What you will do: The answer must consist of every line below containing "bool".

++++ Information given ++++

Lemma exists_argmax_in_list {T} (g : T -> R) (l : list T) : l <> nil ->
  exists x, In x l /\ forall y, In y l -> g y <= g x.
Proof.
  induction l as [|a l IH]; intros Hne; [congruence|].
  destruct l as [|b l'].
  - exists a; split; [left; auto|]. intros y [<-|[]]; lra.
  - destruct (IH ltac:(discriminate)) as [x [Hx Hmax]].
    destruct (Rle_lt_dec (g a) (g x)).
    + exists x; split; [right; auto|]. intros y [<-|Hy]; auto.
    + exists a; split; [left; auto|]. intros y [<-|Hy]; [lra|]. specialize (Hmax y Hy); lra.
Qed.

Lemma forall_or_exists_false (P : nat -> bool) n :
  (forall i, (i < n)%nat -> P i = true) \/ (exists i, (i < n)%nat /\ P i = false).
Proof.
  induction n as [|n [IH | IH]].
  - left; intros; lia.
  - destruct (P n) eqn:Hn.
    + left; intros i Hi. destruct (Nat.eq_dec i n); [subst; auto | apply IH; lia].
    + right; exists n; auto.
  - right. destruct IH as [i [Hi HP]]. exists i; split; auto; lia.
Qed.

(* By [1/256]-inactivity every opinion is nearly parallel or nearly orthogonal to [U 0];
   [near_u0] tells which. *)
Definition near_u0 (U : config) (i : nat) : bool :=
  if Rlt_dec (1/2) (Rabs (ip (U i) (U 0%nat))) then true else false.

Section Configuration.
Variables (n : nat) (U : config).
Hypothesis n_pos : (0 < n)%nat.
Hypothesis U_unit : is_config n U.
Hypothesis U_inactive : eps_inactive n (1/256) U.

Lemma U0_unit : ip (U 0%nat) (U 0%nat) = 1.
Proof. apply U_unit; lia. Qed.

Lemma near_u0_0 : near_u0 U 0 = true.
Proof.
  unfold near_u0. rewrite U0_unit, Rabs_R1. destruct Rlt_dec; auto; lra.
Qed.

Lemma inactive_ip_u0 i : (i < n)%nat ->
  Rabs (ip (U i) (U 0%nat)) <= 1/256 \/ 1 - 1/256 <= Rabs (ip (U i) (U 0%nat)).
Proof.
  intros Hi. destruct (Rle_lt_dec (Rabs (ip (U i) (U 0%nat))) (1/256)); [left; auto|].
  destruct (Rle_lt_dec (1 - 1/256) (Rabs (ip (U i) (U 0%nat)))); [right; auto|].
  exfalso. apply U_inactive. exists i, 0%nat. repeat split; auto; lra.
Qed.

Lemma near_u0_det i : (i < n)%nat -> near_u0 U i = true ->
  Rabs (det (U i) (U 0%nat)) <= 1/8.
Proof.
  unfold near_u0. intros Hi. destruct Rlt_dec; [intros _ | discriminate].
  destruct (inactive_ip_u0 i Hi); [lra|].
  pose proof (ip_sq_add_det_sq _ _ (U_unit i Hi) U0_unit).
  assert ((ip (U i) (U 0%nat))^2 >= (1 - 1/256)^2) by (split_Rabs; nra).
  apply Rabs_le_of_sq_le; lra.
Qed.

Lemma far_u0_ip i : (i < n)%nat -> near_u0 U i = false ->
  Rabs (ip (U i) (U 0%nat)) <= 1/256.
Proof.
  unfold near_u0. intros Hi. destruct Rlt_dec; [discriminate | intros _].
  destruct (inactive_ip_u0 i Hi); lra.
Qed.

++++

Written solution:
Lemma forall_or_exists_false (P : nat -> bool) n :
Definition near_u0 (U : config) (i : nat) : bool :=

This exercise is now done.